It's easy to get weary of politics in a presidential election year, but as a mother I feel like there’s too much on the line. I'm looking forward to getting together next week with a politically diverse group of mothers (in a book club that's discussing politics instead of a book for this month). One of those mothers directed me to this page of The Economist web site for some fairly in-depth and yet reasonably succinct (and skeptical) analysis of the candidates' competing platforms. You can click on items in the blue box on the left to read analysis of the candidates positions on everything from health care and the economy to Iraq and Afghanistan. I haven’t found time to get through all of it, but I plan to keep reading it in spurts. And I’ll keep listening to all the political news and analysis on National Public Radio, through my computer, as I clean up the kitchen late at night.

Somehow I’m still interested. And yet I can’t wait to get November 4 behind us. As a busy mom, I could stand to be a bit less politically preoccupied.

Where are you turning for election information? Or are you tuning out?

Sunday, October 12, 2008

Confessions of a Halloween slacker mom

Today’s Ledger-Enquirer includes a little pre-Halloween column about my quick descent from creative costume-making mom to sell-out, buy-it-at-the-dollar-store-and-be-done-with-it Halloween slacker mom.

I’m aspiring to get creative again next year – and I applaud you if you’ve got more ambitious plans. Here are a few web sites for the inspired costume creator in you.
(The last site with cardboard-box costume ideas has me scheming about making a sufficiently “cool” if totally cumbersome race car costume with Will next year. It probably won't happen.)

familyfun.com

Homemade Halloween costumes

Familycorner.com


Here's a photo of Will and Owen during a trial run of their Halloween costumes. I discovered that the hand-me-down frog is already too small for Owen, so we found hand-me-down dragon costume in the attic, which will make a better partner for a knight anyway.

Friday, October 10, 2008

We love ourselves

After a day in which Will had been alternately playful, whiney, boisterous and joyful (especially while frolicking with Rob in the front yard at dusk) he decided to cap things off with some unusually sweet bedtime talk.

As he sat down for his nighttime reading with Rob, he said, “Daddy, we’re best buddies. We love ourselves. But you know who loves us more?
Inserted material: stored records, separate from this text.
Lemma span_acts_as_comb (u w : H) M v : in_span M v -> (forall x, In x M -> x = u \/ x = w) ->
  exists al be, acts_as_comb u w v al be.
Proof.
  induction 1 as [|M v x c Hspan IH]; intros HM.
  - exists 0, 0. intros z. rewrite hinner_zero_r. ring.
  - destruct IH as [al [be Hv]]; [intros y Hy; apply HM; right; exact Hy|].
    destruct (HM x (or_introl eq_refl)) as [-> | ->];
      [exists (al + c), be | exists al, (be + c)];
      intros z; rewrite hinner_add_r, hinner_scal_r, Hv; ring.
Qed.

Lemma acts_as_comb_sub (u w y v : H) c1 c2 al be :
  acts_as_comb u w y c1 c2 -> acts_as_comb u w v al be ->
  acts_as_comb u w (hsub y v) (c1 - al) (c2 - be).
Proof. intros Hy Hv z. rewrite hinner_sub_r, Hy, Hv. ring. Qed.

Lemma acts_as_comb_zero (u w r : H) al be : acts_as_comb u w r al be ->
  hinner u r = 0 -> hinner w r = 0 -> r = hzero.
Proof.
  intros Hr Hu Hw. apply hinner_def. rewrite Hr, (hinner_sym H r u), (hinner_sym H r w), Hu, Hw.
  ring.
Qed.

(* Two unit vectors with |<u, w>| < 1 are linearly independent: if c1 u + c2 w lies in the
   span of copies of w, then c1 = 0. *)
Lemma comb_in_line_coeff (u w y v : H) g c1 c2 M :
  hinner u u = 1 -> hinner w w = 1 -> hinner u w = g -> -1 < g < 1 ->
  acts_as_comb u w y c1 c2 -> in_span M v -> (forall x, In x M -> x = w) ->
  (forall z, hinner z y = hinner z v) -> c1 = 0.
Proof.
  intros Hu Hw Huw Hg Hy Hv HM Hyv.
  destruct (span_acts_as_comb w w M v Hv) as [al [be Hv']];
    [intros x Hx; left; apply HM, Hx|].
  pose proof (Hyv u) as Eu. pose proof (Hyv w) as Ew.
  rewrite Hy, Hv' in Eu, Ew. rewrite (hinner_sym H w u) in Ew.
  rewrite Hu, Huw in Eu. rewrite Hw, Huw in Ew.
  assert (Hprod : c1 * (1 - g * g) = 0) by nra.
  apply Rmult_integral in Hprod. destruct Hprod; [assumption | nra].
Qed.

End InnerProduct.

Section TwoSparseOMP.

Variables (D : nat) (H : RHilbert) (a : vecR D -> H) (t1 t2 : vecR D) (g : R).
Hypothesis unit1 : hinner (a t1) (a t1) = 1.
Hypothesis unit2 : hinner (a t2) (a t2) = 1.
Hypothesis cross : hinner (a t1) (a t2) = g.
Hypothesis g_range : -1 < g < 1.
Hypothesis erc : forall t, t <> t1 -> t <> t2 ->
  erc2 g (hinner (a t) (a t1)) (hinner (a t) (a t2)).

(* A nonzero residual in span{a t1, a t2} is maximally correlated only with a support atom:
   for any other atom the ERC and Hoelder's inequality give a strictly smaller correlation. *)
Lemma argmax_in_support r al be t : acts_as_comb H (a t1) (a t2) r al be -> r <> hzero ->
  is_argmax a r t -> t = t1 \/ t = t2.
Proof.
  intros Hr Hr0 Harg. apply NNPP. intros Hout.
  destruct (erc2_weights g _ _ g_range (erc t ltac:(tauto) ltac:(tauto))) as [u [v [Huv Hw]]].
  assert (C1 : hinner (a t1) r = al + be * g) by (rewrite Hr, unit1, cross; ring).
  assert (C2 : hinner (a t2) r = al * g + be)
    by (rewrite Hr, (hinner_sym H (a t2) (a t1)), cross, unit2; ring).
  assert (Ct : hinner (a t) r = u * (al + be * g) + v * (al * g + be)) by (rewrite Hr; apply Hw).
  pose proof (Harg t1) as A1. pose proof (Harg t2) as A2.
  rewrite C1, Ct in A1. rewrite C2, Ct in A2.
  destruct (hoelder_dominance u v _ _ Huv A1 A2) as [Z1 Z2].
  apply Hr0, (acts_as_comb_zero H _ _ r al be Hr); [rewrite C1 | rewrite C2]; assumption.
Qed.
Mommy.”

Rob apparently agreed, and Will decided to march into the bedroom, where I was reading a bedtime story to Owen.

“Mommy, he said, I love you even more than you love us.”

“No you don’t,” I told him, “I love you to the moon and back,” quoting Big Nutbrown Hare in Sam McBratney's Guess How Much I Love You.

“I love you to the butterflies!” he said.

And we got into a little who-loves-who more contest that I think we both won.

Wednesday, October 8, 2008

Hold the meds, endure the colds

My 15-month-old is muddling his way through the first of what I imagine will be many colds in this first year of three-day-a-week morning daycare. All he gets as help from me is a little sympathy, some occasional saline spray to the nostrils to help flush the gunk out, and as much fluid as he’ll put down. No Dimetapp, No Pediacare for Owen. I’m wary of medicine that’s not absolutely necessary anyway, especially for young kids. And now, when it comes to cold remedies anyway, pediatricians, the FDA and the drug industry itself are suggesting that avoiding over-the-counter drugs altogether is probably the best plan of attack as we help our under-4-year-olds battle colds.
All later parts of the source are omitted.